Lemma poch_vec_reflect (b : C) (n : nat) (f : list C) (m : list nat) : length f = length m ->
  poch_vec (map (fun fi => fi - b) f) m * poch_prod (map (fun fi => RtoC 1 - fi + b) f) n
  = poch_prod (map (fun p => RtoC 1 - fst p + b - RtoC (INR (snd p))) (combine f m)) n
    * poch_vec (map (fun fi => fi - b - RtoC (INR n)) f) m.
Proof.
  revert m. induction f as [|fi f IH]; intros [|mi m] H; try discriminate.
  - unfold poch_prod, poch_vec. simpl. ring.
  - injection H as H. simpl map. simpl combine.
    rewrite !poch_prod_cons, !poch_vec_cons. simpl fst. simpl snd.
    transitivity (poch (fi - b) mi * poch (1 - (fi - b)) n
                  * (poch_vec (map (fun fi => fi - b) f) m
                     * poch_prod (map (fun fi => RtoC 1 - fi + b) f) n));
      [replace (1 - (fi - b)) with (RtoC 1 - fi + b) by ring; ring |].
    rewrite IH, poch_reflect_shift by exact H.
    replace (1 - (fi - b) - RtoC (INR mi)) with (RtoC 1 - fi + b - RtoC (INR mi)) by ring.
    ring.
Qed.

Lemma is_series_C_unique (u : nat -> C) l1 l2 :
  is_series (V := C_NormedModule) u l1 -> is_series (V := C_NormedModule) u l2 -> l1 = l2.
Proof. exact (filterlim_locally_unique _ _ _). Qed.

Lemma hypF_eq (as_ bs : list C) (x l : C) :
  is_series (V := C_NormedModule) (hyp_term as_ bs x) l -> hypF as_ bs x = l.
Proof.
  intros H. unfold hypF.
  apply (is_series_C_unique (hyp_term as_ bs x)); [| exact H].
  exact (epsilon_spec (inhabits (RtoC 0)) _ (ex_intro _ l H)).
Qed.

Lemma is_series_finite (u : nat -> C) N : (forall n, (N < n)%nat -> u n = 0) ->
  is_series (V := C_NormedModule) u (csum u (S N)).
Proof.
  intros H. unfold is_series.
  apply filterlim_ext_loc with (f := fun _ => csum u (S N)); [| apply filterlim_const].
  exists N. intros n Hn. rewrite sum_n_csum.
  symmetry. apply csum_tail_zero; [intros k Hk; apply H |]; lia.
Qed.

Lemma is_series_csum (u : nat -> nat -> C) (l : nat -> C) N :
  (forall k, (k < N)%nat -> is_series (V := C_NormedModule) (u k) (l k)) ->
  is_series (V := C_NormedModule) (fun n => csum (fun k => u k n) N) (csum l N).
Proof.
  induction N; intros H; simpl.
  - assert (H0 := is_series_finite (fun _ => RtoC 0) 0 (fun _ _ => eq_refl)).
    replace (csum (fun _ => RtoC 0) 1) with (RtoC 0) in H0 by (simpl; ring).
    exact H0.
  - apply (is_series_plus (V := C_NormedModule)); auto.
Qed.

Task brief:
Please, from the entries above, set down exactly the lines from the one containing "transitivity (poch (fi" through the one containing "[replace (1 - (fi", and only those.

Written response:
    transitivity (poch (fi - b) mi * poch (1 - (fi - b)) n
                  * (poch_vec (map (fun fi => fi - b) f) m
                     * poch_prod (map (fun fi => RtoC 1 - fi + b) f) n));
      [replace (1 - (fi - b)) with (RtoC 1 - fi + b) by ring; ring |].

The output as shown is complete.